Start of EXERCISE DATA

(* Let $\rho$ be a state of a $d$-dimensional system ($d<\infty$), let $A,B$ be two copies with $\rho_A=\rho_B=\rho$, and let $j$ be an integer with $1\le j\le d-1$. For each $c$, let $d^{(j,c)}:=\dim\mathcal{V}^{(j,c)}_{\rm in}$ where $\mathcal{V}^{(j,c)}_{\rm in}:=\mathrm{span}\{|n+j,m\rangle\langle n,m|: n+m=c\}$ (over $n,n+j,m\in\{0,\dots,d-1\}$). Then $$\Delta M_A^{(j)}\le\sum_{c=0}^{2d-2-j}\big\|\Pi_{c+j}(\rho\otimes\rho)^{(j)}\Pi_c\big\|_{d^{(j,c)}\text{-KF}}-\|\rho^{(j)}\|_1.$$
   Context: Local observable $L=\sum_{n=0}^{d-1}n|n\rangle\langle n|$, $L_{AB}=L\otimes\mathbb{I}+\mathbb{I}\otimes L=\sum_{c=0}^{2d-2}c\,\Pi_c$, where $\Pi_c$ is the projector onto the eigenvalue-$c$ eigenspace of $L_{AB}$. Single-system mode: $\rho^{(j)}:=\sum_n|n+j\rangle\langle n+j|\rho|n\rangle\langle n|$ (out-of-range terms omitted); bipartite mode: $X^{(j)}:=\sum_c\Pi_{c+j}X\Pi_c$. $M^{(j)}(\sigma):=\|\sigma^{(j)}\|_1$. $\Delta M_A^{(j)}:=\max_{V_{AB}}M^{(j)}(\sigma_A)-M^{(j)}(\rho)$, $\sigma_A=\mathrm{tr}_B[V_{AB}(\rho\otimes\rho)V_{AB}^\dagger]$, maximum over unitaries with $[V_{AB},L_{AB}]=0$. $\|P\|_{\alpha\text{-KF}}$ is the sum of the $\alpha$ largest singular values of $P$. *)

(* Complex scalars: an arbitrary numClosedFieldType C
   (e.g. R[i] for a real closed field R, or algC). *)
From HB Require Import structures.
From mathcomp Require Import all_boot all_order all_algebra.
Set Implicit Arguments. Unset Strict Implicit. Unset Printing Implicit Defensive.
Import Order.TTheory GRing.Theory Num.Theory.
Local Open Scope ring_scope.

Section Defs.
Variable C : numClosedFieldType.

Definition adj m n (A : 'M[C]_(m, n)) : 'M[C]_(n, m) := (map_mx (fun z => z^*) A)^T.

Definition psd n (A : 'M[C]_n) : Prop :=
  forall v : 'cV[C]_n, 0 <= (adj v *m A *m v) 0 0.

Definition density n (A : 'M[C]_n) : Prop := psd A /\ \tr A = 1.

Definition unitary n (U : 'M[C]_n) : Prop := U *m adj U = 1%:M.

(* eigenvalues (with multiplicity) = roots of the characteristic polynomial *)
Definition eigvals n (A : 'M[C]_n) : seq C :=
  sval (closed_field_poly_normal (char_poly A)).

Definition singvals m n (A : 'M[C]_(m, n)) : seq C :=
  map (fun z : C => sqrtC z) (eigvals (adj A *m A)).

Definition trnorm m n (A : 'M[C]_(m, n)) : C := \sum_(s <- singvals A) s.

Definition kyfan (alpha : nat) m n (A : 'M[C]_(m, n)) : C :=
  \sum_(s <- take alpha (sort (fun x y => y <= x) (singvals A))) s.

Variable d : nat.
Definition D2 := #|{: 'I_d * 'I_d}|.
Definition pr (k : 'I_D2) : 'I_d * 'I_d := enum_val k.
Definition ix (ab : 'I_d * 'I_d) : 'I_D2 := enum_rank ab.

(* eigenvalue of L_AB = L (x) 1 + 1 (x) L on |a,b> *)
Definition Lval (ab : 'I_d * 'I_d) : nat := ab.1 + ab.2.

Definition LAB : 'M[C]_D2 := \matrix_(k, l) ((k == l)%:R * (Lval (pr k))%:R).

Definition Pi (c : nat) : 'M[C]_D2 :=
  \matrix_(k, l) ((k == l) && (Lval (pr k) == c))%:R.

Definition tens (A B : 'M[C]_d) : 'M[C]_D2 :=
  \matrix_(k, l) (A (pr k).1 (pr l).1 * B (pr k).2 (pr l).2).

Definition ptraceB (X : 'M[C]_D2) : 'M[C]_d :=
  \matrix_(i, i') \sum_(b : 'I_d) X (ix (i, b)) (ix (i', b)).

(* single-system mode  rho^(j) = sum_n |n+j><n+j| rho |n><n| *)
Definition mode1 (j : nat) (rho : 'M[C]_d) : 'M[C]_d :=
  \matrix_(a, b) (if (a : nat) == (b + j)%N then rho a b else 0).

Definition mode2 (j : nat) (X : 'M[C]_D2) : 'M[C]_D2 :=
  \sum_(c < (2 * d).-1) (Pi (c + j) *m X *m Pi c).

Definition Mj (j : nat) (sigma : 'M[C]_d) : C := trnorm (mode1 j sigma).

(* |n+j, m><n, m|  (zero if n+j is out of range, i.e. such terms are absent) *)
Definition shiftop (j : nat) (ab : 'I_d * 'I_d) : 'M[C]_D2 :=
  match (insub (ab.1 + j)%N : option 'I_d) with
  | Some a' => delta_mx (ix (a', ab.2)) (ix ab)
  | None => 0
  end.

(* rows spanning V_in^(j,c) = span{ |n+j,m><n,m| : n+m = c } *)
Definition Vin_gen (j c : nat) : 'M[C]_(D2, D2 * D2) :=
  \matrix_(k < D2) (if Lval (pr k) == c then mxvec (shiftop j (pr k)) else 0).

Definition dimVin (j c : nat) : nat := \rank (Vin_gen j c).

End Defs.

(* The trace norm of Y equals |tr(M Y)| for a contraction M (M = Q U† from a singular
   value decomposition Y Q = U Σ).  For Y the j-th mode of tr_B[V (ρ⊗ρ) V†], the partial
   trace turns tr(M Y) into tr((M⊗1) (V X V†)^(j)) with X = ρ⊗ρ.  As V commutes with L_AB it
   commutes with every Π_c, so (V X V†)^(j) = V X^(j) V† = Σ_c V Π_(c+j) X Π_c V†.  In the
   c-th term only the rows of M⊗1 at the kets |n,m> with n+m = c, n+j < d, and the columns at
   their shifts |n+j,m>, survive; there are at most d^(j,c) such kets, so the term is
   tr(A G B Y_c) with Y_c = Π_(c+j) X^(j) Π_c, G = M⊗1 a contraction, and A, B contractions
   whose squared Frobenius norms are at most d^(j,c).  In a singular basis of Y_c this trace
   is Σ_i w_i σ_i with |w_i| <= a_i, 0 <= a_i <= 1 and Σ_i a_i <= d^(j,c) (AM-GM on the
   diagonal), and such a weighted sum is at most the sum of the d^(j,c) largest σ_i. *)

From HB Require Import structures.
From mathcomp Require Import all_boot all_order all_algebra.
From mathcomp Require Import zify.
Set Implicit Arguments. Unset Strict Implicit. Unset Printing Implicit Defensive.
Import Order.TTheory GRing.Theory Num.Theory.
Local Open Scope ring_scope.

Section KyFan.
Variable C : numClosedFieldType.

Definition excess (t x : C) : C := if t <= x then x - t else 0.

Lemma weighted_sum_le_excess (I : finType) (a σ : I -> C) (r : nat) (t : C) :
  0 <= t -> (forall i, 0 <= σ i) -> (forall i, 0 <= a i <= 1) ->
  \sum_i a i <= r%:R ->
  \sum_i a i * σ i <= \sum_i excess t (σ i) + t * r%:R.
Proof.
move=> t0 σ0 a01 suma.
apply: (@le_trans _ _ (\sum_i (excess t (σ i) + a i * t))).
  apply: ler_sum => i _; have /andP [a0 a1] := a01 i; rewrite /excess.
  case: (real_leP (ger0_real t0) (ger0_real (σ0 i))) => [tσ|σt].
    rewrite -{1}(subrK t (σ i)) mulrDr lerD2r.
    by rewrite -[leRHS]mul1r ler_wpM2r // subr_ge0.
  by rewrite add0r ler_wpM2l // ltW.
by rewrite big_split /= lerD2l -mulr_suml mulrC ler_wpM2l.
Qed.

Lemma sum_take_sorted_excess (s : seq C) (r : nat) :
  sorted (fun x y => y <= x) s -> (forall x, x \in s -> 0 <= x) ->
  \sum_(x <- take r s) x = \sum_(x <- s) excess (nth 0 s r) x + nth 0 s r * r%:R.
Proof.
move=> srt s0; set t := nth 0 s r.
have ge_trans : transitive (fun x y : C => y <= x) by move=> y x z xy yz; exact: le_trans yz xy.
have le_nth i k : (i <= k < size s)%N -> nth 0 s k <= nth 0 s i.
  move=> /andP [ik ks]; apply: (sorted_leq_nth ge_trans _ 0 srt) => //.
  by rewrite inE (leq_ltn_trans ik ks).
have t_le_take x : x \in take r s -> t <= x.
  move=> /(nthP 0) [k]; rewrite size_take_min leq_min => /andP [kr ks] <-.
  rewrite nth_take //; case: (ltnP r (size s)) => rs.
    by apply: le_nth; rewrite (ltnW kr) rs.
  by rewrite /t nth_default // s0 // mem_nth.
have drop_le_t x : x \in drop r s -> x <= t.
  move=> /(nthP 0) [k]; rewrite size_drop nth_drop => ks <-.
  by apply: le_nth; rewrite leq_addr -ltn_subRL.
have -> : \sum_(x <- s) excess t x = \sum_(x <- take r s) (x - t).
  rewrite -[in LHS](cat_take_drop r s) big_cat /= (big1_seq (drop r s)) ?addr0.
    by apply: eq_big_seq => x /t_le_take tx; rewrite /excess tx.
  move=> x /andP [_ /drop_le_t xt]; rewrite /excess; case: ifP => // tx.
  by apply/eqP; rewrite subr_eq0 eq_le xt tx.
rewrite sumrB big_const_seq count_predT iter_addr_0.
suff -> : t *+ size (take r s) = t * r%:R by rewrite subrK.
case: (ltnP r (size s)) => rs; first by rewrite (size_takel (ltnW rs)) mulr_natr.
by rewrite /t nth_default // mul0r mul0rn.
Qed.

Lemma weighted_sum_le_kyfan (I : finType) (a σ : I -> C) (r : nat) (s : seq C) :
  perm_eq s [seq σ i | i <- enum I] ->
  (forall i, 0 <= σ i) -> (forall i, 0 <= a i <= 1) -> \sum_i a i <= r%:R ->
  \sum_i a i * σ i <= \sum_(x <- take r (sort (fun x y => y <= x) s)) x.
Proof.
move=> sσ σ0 a01 suma; set S := sort _ s.
have pS : perm_eq S [seq σ i | i <- enum I] by rewrite /S perm_sort.
have S0 x : x \in S -> 0 <= x by rewrite (perm_mem pS) => /mapP [i _ ->].
have srt : sorted (fun x y => y <= x) S.
  apply: (sort_sorted_in (P := fun x : C => 0 <= x)); last first.
    by apply/allP => x; rewrite (perm_mem sσ) => /mapP [i _ ->].
  by move=> x y x0 y0; rewrite orbC real_leVge // ger0_real.
have t0 : 0 <= nth 0 S r.
  by case: (ltnP r (size S)) => rS; [apply: S0; rewrite mem_nth | rewrite nth_default].
rewrite sum_take_sorted_excess // (perm_big _ pS) big_map big_enum /=.
exact: weighted_sum_le_excess.
Qed.

End KyFan.

Section Adjoint.
Variable C : numClosedFieldType.

Lemma adj_entry m n (A : 'M[C]_(m, n)) i j : adj A i j = (A j i)^*.
Proof. by rewrite !mxE. Qed.

Lemma adjK m n (A : 'M[C]_(m, n)) : adj (adj A) = A.
Proof. by apply/matrixP => i j; rewrite !adj_entry conjCK. Qed.

Lemma adjM m n p (A : 'M[C]_(m, n)) (B : 'M[C]_(n, p)) :
  adj (A *m B) = adj B *m adj A.
Proof. by rewrite /adj map_mxM trmx_mul. Qed.

Lemma adjB m n (A B : 'M[C]_(m, n)) : adj (A - B) = adj A - adj B.
Proof. by apply/matrixP => i j; rewrite !mxE rmorphB. Qed.

Lemma adj_mx1 n : adj (1%:M : 'M[C]_n) = 1%:M.
Proof. by rewrite /adj map_mx1 trmx1. Qed.

Lemma adj_diag_real n (e : 'rV[C]_n) :
  (forall i, e 0 i \is Num.real) -> adj (diag_mx e) = diag_mx e.
Proof.
move=> e_real; apply/matrixP => i j; rewrite adj_entry !mxE eq_sym.
by case: eqP => [->|_]; rewrite ?mulr1n ?mulr0n ?conjC0 ?conj_Creal.
Qed.

Lemma mulmx_adj_diag m n (A : 'M[C]_(m, n)) i :
  (A *m adj A) i i = \sum_k `|A i k| ^+ 2.
Proof. by rewrite !mxE; apply: eq_bigr => k _; rewrite adj_entry normCK. Qed.

Lemma adj_mulmx_diag m n (A : 'M[C]_(m, n)) i :
  (adj A *m A) i i = \sum_k `|A k i| ^+ 2.
Proof. by rewrite !mxE; apply: eq_bigr => k _; rewrite adj_entry normCKC. Qed.

Lemma abs_mulmx_diag_le m n (A : 'M[C]_(m, n)) (B : 'M[C]_(n, m)) i :
  `|(A *m B) i i| <= ((A *m adj A) i i + (adj B *m B) i i) / 2.
Proof.
rewrite mulmx_adj_diag adj_mulmx_diag -big_split /= mulr_suml mxE.
apply: le_trans (ler_norm_sum _ _ _) _; apply: ler_sum => k _.
rewrite normrM ler_pdivlMr ?ltr0n // mulr_natr -subr_ge0 addrAC.
by rewrite -sqrrB real_exprn_even_ge0 // rpredB // normr_real.
Qed.

Lemma char_poly_similar n (A B D : 'M[C]_n) :
  B *m A = 1%:M -> char_poly (B *m D *m A) = char_poly D.
Proof.
move=> BA; rewrite /char_poly /char_poly_mx.
set A' := map_mx polyC A; set B' := map_mx polyC B.
have BA' : B' *m A' = 1%:M by rewrite -map_mxM BA map_mx1.
have -> : 'X%:M - map_mx polyC (B *m D *m A) = B' *m ('X%:M - map_mx polyC D) *m A'.
  rewrite mulmxBr mulmxBl [B' *m 'X%:M]scalar_mxC -[_ *m B' *m A']mulmxA BA' mulmx1.
  by rewrite -!map_mxM.
by rewrite !det_mulmx mulrAC -det_mulmx BA' det1 mul1r.
Qed.

Lemma psd_gram m n (K : 'M[C]_(m, n)) : psd (K *m adj K).
Proof.
move=> v; have -> : adj v *m (K *m adj K) *m v = (adj v *m K) *m adj (adj v *m K).
  by rewrite adjM adjK !mulmxA.
by rewrite mulmx_adj_diag sumr_ge0 // => k _; rewrite exprn_ge0.
Qed.

Lemma psd_conj m n (P : 'M[C]_(m, n)) (A : 'M[C]_n) :
  psd A -> psd (P *m A *m adj P).
Proof. by move=> A_psd v; have := A_psd (adj P *m v); rewrite adjM adjK !mulmxA. Qed.

Lemma psdD n (A B : 'M[C]_n) : psd A -> psd B -> psd (A + B).
Proof. by move=> A_psd B_psd v; rewrite mulmxDr mulmxDl mxE addr_ge0. Qed.

Lemma psd_diag_ge0 n (A : 'M[C]_n) i : psd A -> 0 <= A i i.
Proof.
move=> /(_ (delta_mx i 0)).
have -> : adj (delta_mx i 0) = delta_mx 0 i :> 'M[C]_(1, n).
  by apply/matrixP => k l; rewrite adj_entry !mxE conjC_nat andbC.
by rewrite -rowE -colE !mxE.
Qed.

Lemma psd_tr_ge0 n (A : 'M[C]_n) : psd A -> 0 <= \tr A.
Proof. by move=> A_psd; rewrite sumr_ge0 // => i _; exact: psd_diag_ge0. Qed.

Lemma psd_idem n (P : 'M[C]_n) : P *m P = P -> adj P = P -> psd P.
Proof. by move=> PP adjP; rewrite -[P in psd P]PP -{2}adjP; exact: psd_gram. Qed.

Lemma quadformE n (A : 'M[C]_n) (v : 'cV[C]_n) :
  (adj v *m A *m v) 0 0 = \sum_k \sum_l (v k 0)^* * A k l * v l 0.
Proof.
rewrite mxE; under eq_bigr do rewrite mxE big_distrl /=.
rewrite exchange_big; apply: eq_bigr => k _; apply: eq_bigr => l _.
by rewrite adj_entry.
Qed.

Definition contraction n (M : 'M[C]_n) := psd (1%:M - M *m adj M).

Lemma contraction_diag_le1 n (M : 'M[C]_n) i : contraction M -> (M *m adj M) i i <= 1.
Proof. by move=> /(psd_diag_ge0 i); rewrite !mxE eqxx subr_ge0. Qed.

Lemma contractionM n (A B : 'M[C]_n) :
  contraction A -> contraction B -> contraction (A *m B).
Proof.
move=> cA cB; rewrite /contraction.
have -> : 1%:M - A *m B *m adj (A *m B) =
          (1%:M - A *m adj A) + A *m (1%:M - B *m adj B) *m adj A.
  by rewrite adjM mulmxBr mulmx1 mulmxBl !mulmxA addrA subrK.
exact: psdD cA (psd_conj A cB).
Qed.

Lemma contraction_idem n (M : 'M[C]_n) :
  (M *m adj M) *m (M *m adj M) = M *m adj M -> contraction M.
Proof.
set P := M *m adj M => PP; have adjP : adj P = P by rewrite adjM adjK.
apply: psd_idem; last by rewrite adjB adj_mx1 adjP.
by rewrite mulmxBl mul1mx mulmxBr mulmx1 PP subrr subr0.
Qed.

Lemma tr_gram_contraction_le m n (A : 'M[C]_(m, n)) (G : 'M[C]_n) :
  contraction G -> \tr (A *m G *m adj (A *m G)) <= \tr (A *m adj A).
Proof.
move=> /(psd_conj A) /psd_tr_ge0.
by rewrite mulmxBr mulmx1 mulmxBl raddfB subr_ge0 adjM !mulmxA.
Qed.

End of EXERCISE DATA

### WHAT TO DO
Give again, exactly and with nothing added, the lines running from the one that contains "contraction G ->" to the last line of the material.

### WRITTEN ANSWER
  contraction G -> \tr (A *m G *m adj (A *m G)) <= \tr (A *m adj A).
Proof.
move=> /(psd_conj A) /psd_tr_ge0.
by rewrite mulmxBr mulmx1 mulmxBl raddfB subr_ge0 adjM !mulmxA.
Qed.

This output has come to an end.